*TO DO:* Look through the data below for the line with "move=> p; rewrite", and transcribe it exactly together with each line after it up to and including the line with "-> Prop) (pi". Give nothing else.

Top of EXERCISE INPUT

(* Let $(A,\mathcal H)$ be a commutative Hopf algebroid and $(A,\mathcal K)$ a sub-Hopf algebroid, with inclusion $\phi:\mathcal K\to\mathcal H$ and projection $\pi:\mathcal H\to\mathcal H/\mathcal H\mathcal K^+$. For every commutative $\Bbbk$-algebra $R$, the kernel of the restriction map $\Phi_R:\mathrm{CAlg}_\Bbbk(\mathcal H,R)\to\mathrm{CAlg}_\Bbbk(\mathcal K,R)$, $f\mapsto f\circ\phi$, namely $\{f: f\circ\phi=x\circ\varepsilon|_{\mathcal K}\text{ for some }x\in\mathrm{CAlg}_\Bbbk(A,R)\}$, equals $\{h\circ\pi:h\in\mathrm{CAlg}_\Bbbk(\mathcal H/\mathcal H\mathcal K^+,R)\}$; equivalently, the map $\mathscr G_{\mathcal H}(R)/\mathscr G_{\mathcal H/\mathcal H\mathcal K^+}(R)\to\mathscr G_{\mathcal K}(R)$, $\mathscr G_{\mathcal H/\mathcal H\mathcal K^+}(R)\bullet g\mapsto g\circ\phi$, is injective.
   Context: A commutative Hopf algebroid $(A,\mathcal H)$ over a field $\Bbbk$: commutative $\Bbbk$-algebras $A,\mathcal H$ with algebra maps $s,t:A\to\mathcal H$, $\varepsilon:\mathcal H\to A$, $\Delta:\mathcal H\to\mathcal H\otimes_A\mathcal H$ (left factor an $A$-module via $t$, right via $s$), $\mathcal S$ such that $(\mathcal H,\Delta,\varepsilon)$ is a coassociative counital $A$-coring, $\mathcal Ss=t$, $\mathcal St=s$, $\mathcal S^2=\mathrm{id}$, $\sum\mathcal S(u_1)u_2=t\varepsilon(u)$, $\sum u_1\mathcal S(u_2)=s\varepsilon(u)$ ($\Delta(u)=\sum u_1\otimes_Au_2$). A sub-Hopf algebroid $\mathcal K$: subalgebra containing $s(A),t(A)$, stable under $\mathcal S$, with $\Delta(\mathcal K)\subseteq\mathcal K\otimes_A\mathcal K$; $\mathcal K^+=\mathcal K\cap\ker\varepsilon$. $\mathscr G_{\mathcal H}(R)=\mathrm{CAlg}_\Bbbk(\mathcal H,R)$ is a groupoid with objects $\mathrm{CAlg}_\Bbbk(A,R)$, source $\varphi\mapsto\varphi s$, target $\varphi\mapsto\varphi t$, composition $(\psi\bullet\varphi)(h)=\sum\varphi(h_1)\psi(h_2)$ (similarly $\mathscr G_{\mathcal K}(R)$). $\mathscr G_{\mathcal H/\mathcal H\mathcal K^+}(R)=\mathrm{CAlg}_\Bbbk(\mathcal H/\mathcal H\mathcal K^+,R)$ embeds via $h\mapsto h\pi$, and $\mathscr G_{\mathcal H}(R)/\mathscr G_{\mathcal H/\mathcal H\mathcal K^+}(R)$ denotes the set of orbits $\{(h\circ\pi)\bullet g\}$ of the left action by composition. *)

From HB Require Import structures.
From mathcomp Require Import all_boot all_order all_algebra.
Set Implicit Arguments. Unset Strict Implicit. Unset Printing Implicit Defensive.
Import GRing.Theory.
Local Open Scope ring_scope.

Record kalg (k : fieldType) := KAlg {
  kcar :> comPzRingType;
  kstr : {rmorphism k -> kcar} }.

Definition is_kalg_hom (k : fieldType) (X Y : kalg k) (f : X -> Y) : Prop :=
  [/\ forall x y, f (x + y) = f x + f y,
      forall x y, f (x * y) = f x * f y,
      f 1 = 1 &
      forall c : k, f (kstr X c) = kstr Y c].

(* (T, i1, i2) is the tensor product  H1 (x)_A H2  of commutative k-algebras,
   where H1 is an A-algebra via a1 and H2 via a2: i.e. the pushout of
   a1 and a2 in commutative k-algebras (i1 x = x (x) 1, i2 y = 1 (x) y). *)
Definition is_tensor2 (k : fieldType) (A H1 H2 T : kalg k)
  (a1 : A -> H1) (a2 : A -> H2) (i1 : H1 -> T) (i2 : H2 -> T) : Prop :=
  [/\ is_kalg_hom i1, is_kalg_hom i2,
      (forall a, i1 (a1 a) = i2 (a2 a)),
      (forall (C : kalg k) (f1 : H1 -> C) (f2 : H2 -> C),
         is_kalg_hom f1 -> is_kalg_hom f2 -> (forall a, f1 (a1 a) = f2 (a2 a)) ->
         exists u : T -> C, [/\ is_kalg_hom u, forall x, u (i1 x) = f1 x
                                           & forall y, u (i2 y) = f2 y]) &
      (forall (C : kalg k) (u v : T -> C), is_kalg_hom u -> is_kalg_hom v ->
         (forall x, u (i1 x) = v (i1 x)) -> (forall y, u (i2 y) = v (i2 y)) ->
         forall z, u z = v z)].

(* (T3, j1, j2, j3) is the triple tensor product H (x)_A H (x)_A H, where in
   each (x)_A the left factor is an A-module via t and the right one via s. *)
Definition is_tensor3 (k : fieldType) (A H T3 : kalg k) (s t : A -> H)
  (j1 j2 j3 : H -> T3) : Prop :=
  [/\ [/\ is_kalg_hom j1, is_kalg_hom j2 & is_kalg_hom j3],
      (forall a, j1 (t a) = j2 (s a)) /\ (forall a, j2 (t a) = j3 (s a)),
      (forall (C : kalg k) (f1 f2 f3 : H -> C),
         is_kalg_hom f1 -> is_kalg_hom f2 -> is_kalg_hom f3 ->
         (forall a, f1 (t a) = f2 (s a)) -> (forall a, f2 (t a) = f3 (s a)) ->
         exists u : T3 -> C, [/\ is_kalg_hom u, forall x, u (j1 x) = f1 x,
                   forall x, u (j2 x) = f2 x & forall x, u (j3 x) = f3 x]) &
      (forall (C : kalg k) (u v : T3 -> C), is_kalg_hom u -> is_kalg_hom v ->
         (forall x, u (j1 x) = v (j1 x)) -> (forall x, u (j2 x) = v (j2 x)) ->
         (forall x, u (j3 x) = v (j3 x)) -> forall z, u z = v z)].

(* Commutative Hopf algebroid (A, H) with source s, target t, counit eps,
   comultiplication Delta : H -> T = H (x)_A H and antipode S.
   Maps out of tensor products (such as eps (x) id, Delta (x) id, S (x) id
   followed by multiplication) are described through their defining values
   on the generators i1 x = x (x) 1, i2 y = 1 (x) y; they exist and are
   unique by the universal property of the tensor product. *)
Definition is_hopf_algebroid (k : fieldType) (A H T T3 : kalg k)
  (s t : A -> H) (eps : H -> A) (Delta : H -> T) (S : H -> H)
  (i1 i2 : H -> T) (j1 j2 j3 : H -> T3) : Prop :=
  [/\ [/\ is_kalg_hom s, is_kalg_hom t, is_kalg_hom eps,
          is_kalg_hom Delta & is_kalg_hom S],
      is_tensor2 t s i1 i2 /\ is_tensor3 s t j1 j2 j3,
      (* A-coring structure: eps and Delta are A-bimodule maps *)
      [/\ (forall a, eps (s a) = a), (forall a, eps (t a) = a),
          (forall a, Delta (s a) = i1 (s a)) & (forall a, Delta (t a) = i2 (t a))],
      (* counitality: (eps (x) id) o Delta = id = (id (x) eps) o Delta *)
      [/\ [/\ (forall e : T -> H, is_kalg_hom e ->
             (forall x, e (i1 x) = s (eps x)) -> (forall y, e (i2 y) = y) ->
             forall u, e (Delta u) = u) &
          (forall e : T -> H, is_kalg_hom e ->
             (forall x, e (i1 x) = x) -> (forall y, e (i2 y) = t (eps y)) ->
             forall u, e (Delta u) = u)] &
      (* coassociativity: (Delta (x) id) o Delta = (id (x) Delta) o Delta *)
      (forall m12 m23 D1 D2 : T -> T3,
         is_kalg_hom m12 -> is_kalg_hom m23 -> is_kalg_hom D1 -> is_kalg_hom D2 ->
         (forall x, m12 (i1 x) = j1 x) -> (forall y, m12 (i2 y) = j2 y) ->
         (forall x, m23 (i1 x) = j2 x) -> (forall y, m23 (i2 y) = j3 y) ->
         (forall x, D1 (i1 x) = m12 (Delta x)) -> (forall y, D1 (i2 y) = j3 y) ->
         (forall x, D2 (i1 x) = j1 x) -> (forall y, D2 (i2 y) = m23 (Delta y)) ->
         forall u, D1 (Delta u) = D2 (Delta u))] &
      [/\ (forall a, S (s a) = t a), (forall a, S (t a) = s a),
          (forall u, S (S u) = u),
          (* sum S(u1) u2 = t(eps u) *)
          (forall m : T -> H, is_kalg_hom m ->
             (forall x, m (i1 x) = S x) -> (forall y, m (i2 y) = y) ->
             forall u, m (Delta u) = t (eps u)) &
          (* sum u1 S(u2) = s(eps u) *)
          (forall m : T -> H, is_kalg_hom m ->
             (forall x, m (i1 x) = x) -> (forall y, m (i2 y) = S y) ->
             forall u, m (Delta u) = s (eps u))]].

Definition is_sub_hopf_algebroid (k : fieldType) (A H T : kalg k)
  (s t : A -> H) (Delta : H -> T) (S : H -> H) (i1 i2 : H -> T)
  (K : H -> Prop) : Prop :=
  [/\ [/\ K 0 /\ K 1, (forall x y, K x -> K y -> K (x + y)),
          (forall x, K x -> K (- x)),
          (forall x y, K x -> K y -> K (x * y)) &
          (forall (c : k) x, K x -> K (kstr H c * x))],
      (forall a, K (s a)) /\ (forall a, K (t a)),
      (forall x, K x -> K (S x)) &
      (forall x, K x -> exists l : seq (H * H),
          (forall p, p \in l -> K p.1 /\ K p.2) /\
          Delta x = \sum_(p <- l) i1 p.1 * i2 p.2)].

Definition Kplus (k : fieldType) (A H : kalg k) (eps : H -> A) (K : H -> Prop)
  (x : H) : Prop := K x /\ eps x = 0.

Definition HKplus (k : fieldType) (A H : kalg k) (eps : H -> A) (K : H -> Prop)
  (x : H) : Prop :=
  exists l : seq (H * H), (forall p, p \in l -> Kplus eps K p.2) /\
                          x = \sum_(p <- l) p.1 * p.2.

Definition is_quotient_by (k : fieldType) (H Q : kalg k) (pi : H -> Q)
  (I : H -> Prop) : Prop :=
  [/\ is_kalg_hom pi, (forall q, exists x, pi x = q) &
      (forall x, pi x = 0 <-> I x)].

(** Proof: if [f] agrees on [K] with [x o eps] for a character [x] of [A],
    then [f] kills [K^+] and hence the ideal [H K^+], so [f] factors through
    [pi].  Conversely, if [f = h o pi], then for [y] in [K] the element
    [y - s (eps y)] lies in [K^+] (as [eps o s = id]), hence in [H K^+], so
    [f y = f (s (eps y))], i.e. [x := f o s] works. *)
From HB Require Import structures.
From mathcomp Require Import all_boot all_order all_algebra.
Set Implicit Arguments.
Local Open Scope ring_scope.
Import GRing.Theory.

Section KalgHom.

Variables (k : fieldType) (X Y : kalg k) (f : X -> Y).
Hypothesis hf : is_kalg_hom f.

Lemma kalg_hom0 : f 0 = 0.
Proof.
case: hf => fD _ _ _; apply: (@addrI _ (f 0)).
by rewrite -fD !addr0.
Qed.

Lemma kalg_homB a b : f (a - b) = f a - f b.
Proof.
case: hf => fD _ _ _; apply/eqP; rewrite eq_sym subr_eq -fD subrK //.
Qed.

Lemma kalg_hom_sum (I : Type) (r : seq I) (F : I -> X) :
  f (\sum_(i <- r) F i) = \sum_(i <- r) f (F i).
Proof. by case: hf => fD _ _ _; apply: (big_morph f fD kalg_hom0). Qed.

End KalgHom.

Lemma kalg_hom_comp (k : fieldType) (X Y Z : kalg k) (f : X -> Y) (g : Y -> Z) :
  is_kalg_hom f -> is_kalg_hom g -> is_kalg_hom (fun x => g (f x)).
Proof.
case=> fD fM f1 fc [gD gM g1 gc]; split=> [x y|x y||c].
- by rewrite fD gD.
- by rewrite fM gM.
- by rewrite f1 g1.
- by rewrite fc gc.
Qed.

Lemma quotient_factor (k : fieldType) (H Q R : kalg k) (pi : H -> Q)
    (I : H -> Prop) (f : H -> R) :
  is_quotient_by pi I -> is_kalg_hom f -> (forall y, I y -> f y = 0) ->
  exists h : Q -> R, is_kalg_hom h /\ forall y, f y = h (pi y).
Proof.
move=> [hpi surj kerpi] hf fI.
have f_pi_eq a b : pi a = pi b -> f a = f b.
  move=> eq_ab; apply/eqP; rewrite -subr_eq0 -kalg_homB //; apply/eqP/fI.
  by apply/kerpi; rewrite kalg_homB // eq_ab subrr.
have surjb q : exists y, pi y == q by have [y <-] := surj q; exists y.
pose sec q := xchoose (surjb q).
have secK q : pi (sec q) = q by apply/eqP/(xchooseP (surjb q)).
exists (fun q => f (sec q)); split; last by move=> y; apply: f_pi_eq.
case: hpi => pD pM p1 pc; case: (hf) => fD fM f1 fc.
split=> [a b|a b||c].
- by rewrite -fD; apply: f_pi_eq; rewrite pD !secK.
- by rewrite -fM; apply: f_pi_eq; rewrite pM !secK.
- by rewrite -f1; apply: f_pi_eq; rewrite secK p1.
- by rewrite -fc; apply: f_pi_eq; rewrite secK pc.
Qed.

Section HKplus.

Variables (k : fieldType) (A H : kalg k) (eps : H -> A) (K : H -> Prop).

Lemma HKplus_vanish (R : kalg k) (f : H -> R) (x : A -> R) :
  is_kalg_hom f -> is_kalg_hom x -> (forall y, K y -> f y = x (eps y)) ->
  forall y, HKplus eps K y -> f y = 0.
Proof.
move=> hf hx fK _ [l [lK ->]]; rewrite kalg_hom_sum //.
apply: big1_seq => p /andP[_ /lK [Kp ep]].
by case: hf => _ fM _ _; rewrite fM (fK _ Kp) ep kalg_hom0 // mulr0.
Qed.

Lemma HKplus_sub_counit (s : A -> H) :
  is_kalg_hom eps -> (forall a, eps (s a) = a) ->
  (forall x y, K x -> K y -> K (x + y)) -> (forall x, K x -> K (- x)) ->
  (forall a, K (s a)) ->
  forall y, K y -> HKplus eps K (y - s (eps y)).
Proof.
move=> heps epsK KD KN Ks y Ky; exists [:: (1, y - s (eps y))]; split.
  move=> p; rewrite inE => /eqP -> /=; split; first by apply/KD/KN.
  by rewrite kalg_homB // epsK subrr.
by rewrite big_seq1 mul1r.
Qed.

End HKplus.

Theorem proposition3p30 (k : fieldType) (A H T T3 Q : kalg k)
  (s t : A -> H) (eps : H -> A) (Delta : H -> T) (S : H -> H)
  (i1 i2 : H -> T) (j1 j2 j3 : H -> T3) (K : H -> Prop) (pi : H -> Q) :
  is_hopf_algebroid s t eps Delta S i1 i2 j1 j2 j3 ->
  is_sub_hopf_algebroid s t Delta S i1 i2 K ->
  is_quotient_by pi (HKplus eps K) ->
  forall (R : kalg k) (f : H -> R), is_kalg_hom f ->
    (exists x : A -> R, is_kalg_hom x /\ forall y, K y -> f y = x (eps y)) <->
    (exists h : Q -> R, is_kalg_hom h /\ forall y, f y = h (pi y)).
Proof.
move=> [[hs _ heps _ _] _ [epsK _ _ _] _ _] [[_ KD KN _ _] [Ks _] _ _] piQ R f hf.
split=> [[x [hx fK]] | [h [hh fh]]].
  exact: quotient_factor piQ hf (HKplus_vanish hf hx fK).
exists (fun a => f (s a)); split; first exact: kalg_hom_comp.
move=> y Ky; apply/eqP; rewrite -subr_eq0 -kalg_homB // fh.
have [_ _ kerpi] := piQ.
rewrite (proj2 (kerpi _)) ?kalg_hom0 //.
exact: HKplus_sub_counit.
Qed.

Bottom of EXERCISE INPUT
Top of EXERCISE INPUT

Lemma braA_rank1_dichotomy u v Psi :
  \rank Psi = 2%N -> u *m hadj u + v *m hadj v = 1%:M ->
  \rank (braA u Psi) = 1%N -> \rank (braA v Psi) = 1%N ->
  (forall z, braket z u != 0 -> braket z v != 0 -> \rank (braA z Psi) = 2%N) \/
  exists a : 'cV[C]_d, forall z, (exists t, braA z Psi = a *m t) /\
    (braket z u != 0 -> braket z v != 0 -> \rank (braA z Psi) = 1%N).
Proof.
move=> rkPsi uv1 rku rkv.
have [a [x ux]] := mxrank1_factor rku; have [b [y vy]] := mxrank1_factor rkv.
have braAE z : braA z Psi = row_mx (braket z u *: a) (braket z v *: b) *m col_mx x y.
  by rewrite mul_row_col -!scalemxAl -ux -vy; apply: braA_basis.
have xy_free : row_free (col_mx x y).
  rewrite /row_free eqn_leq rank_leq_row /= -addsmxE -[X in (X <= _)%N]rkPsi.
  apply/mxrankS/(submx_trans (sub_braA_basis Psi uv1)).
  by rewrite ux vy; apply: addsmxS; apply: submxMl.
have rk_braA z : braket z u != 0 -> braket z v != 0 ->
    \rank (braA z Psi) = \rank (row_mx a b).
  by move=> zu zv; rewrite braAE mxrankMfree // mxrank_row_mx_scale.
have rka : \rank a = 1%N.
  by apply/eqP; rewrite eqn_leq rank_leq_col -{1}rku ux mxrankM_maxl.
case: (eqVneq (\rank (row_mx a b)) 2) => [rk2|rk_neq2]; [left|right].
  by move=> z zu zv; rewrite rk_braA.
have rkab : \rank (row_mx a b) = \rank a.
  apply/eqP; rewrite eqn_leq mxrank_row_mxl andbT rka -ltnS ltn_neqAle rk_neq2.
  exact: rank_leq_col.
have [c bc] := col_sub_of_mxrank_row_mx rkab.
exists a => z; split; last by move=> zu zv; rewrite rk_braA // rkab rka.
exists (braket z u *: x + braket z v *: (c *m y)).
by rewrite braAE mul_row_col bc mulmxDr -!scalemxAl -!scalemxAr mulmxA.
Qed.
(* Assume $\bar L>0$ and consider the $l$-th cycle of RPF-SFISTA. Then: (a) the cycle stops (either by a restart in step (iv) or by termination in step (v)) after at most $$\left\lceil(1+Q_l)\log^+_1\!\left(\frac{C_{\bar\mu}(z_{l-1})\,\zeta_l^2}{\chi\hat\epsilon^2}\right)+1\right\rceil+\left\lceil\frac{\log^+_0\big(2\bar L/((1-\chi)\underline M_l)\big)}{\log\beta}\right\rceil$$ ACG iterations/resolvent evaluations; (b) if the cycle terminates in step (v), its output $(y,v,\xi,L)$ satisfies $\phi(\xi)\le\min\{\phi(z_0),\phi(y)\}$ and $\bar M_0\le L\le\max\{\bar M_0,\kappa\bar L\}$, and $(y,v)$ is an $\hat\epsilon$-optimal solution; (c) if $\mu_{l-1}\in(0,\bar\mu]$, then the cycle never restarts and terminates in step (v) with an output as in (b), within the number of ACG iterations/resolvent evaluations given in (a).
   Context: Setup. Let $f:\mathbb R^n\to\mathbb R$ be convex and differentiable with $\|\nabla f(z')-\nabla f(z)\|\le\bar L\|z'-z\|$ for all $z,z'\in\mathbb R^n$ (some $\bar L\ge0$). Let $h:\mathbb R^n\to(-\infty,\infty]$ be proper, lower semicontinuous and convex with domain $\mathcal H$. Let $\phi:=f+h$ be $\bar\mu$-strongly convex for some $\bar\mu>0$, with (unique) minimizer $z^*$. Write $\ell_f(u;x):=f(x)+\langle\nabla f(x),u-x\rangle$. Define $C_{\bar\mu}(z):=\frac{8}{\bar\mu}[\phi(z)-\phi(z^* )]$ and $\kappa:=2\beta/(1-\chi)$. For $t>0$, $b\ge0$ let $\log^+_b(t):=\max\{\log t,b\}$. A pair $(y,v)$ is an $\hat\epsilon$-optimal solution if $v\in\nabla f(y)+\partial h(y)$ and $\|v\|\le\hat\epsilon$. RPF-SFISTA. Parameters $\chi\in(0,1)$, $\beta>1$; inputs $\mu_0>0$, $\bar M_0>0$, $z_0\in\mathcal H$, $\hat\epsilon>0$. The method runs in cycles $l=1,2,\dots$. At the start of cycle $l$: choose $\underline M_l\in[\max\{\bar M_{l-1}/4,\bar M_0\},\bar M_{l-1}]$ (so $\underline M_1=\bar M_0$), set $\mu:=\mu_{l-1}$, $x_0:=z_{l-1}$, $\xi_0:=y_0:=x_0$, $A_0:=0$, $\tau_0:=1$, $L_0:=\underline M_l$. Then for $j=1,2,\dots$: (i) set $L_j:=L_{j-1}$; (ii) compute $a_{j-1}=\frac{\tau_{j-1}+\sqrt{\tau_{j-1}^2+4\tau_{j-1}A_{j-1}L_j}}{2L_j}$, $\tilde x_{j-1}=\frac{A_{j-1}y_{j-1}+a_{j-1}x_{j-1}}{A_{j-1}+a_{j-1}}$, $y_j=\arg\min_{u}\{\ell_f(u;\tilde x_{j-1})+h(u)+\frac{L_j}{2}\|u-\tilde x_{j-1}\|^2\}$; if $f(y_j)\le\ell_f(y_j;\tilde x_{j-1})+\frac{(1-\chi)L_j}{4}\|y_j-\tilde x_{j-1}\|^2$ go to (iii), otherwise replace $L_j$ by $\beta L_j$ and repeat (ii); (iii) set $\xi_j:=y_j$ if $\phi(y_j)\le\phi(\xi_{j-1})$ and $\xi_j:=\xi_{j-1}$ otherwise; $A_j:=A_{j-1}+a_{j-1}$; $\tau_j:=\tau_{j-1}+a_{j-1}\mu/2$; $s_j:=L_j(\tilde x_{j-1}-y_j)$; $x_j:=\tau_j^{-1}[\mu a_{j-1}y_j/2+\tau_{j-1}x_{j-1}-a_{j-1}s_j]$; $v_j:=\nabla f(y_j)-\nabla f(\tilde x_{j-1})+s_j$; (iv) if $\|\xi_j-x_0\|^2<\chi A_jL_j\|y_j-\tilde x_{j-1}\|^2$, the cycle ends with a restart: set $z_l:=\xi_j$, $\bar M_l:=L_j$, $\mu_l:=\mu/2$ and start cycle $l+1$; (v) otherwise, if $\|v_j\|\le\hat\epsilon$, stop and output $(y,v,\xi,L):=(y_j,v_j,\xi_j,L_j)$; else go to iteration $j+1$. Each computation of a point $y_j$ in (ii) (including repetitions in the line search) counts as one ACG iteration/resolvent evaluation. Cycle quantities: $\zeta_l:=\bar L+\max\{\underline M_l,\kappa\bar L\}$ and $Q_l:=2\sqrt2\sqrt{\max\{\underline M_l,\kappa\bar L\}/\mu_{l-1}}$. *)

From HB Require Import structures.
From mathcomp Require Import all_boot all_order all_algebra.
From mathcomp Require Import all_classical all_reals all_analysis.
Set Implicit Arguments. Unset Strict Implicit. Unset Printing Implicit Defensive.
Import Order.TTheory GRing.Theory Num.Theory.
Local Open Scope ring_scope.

Bottom of EXERCISE INPUT

*WRITTEN REPLY:*
  move=> p; rewrite inE => /eqP -> /=; split; first by apply/KD/KN.
  by rewrite kalg_homB // epsK subrr.
by rewrite big_seq1 mul1r.
Qed.

End HKplus.

Theorem proposition3p30 (k : fieldType) (A H T T3 Q : kalg k)
  (s t : A -> H) (eps : H -> A) (Delta : H -> T) (S : H -> H)
  (i1 i2 : H -> T) (j1 j2 j3 : H -> T3) (K : H -> Prop) (pi : H -> Q) :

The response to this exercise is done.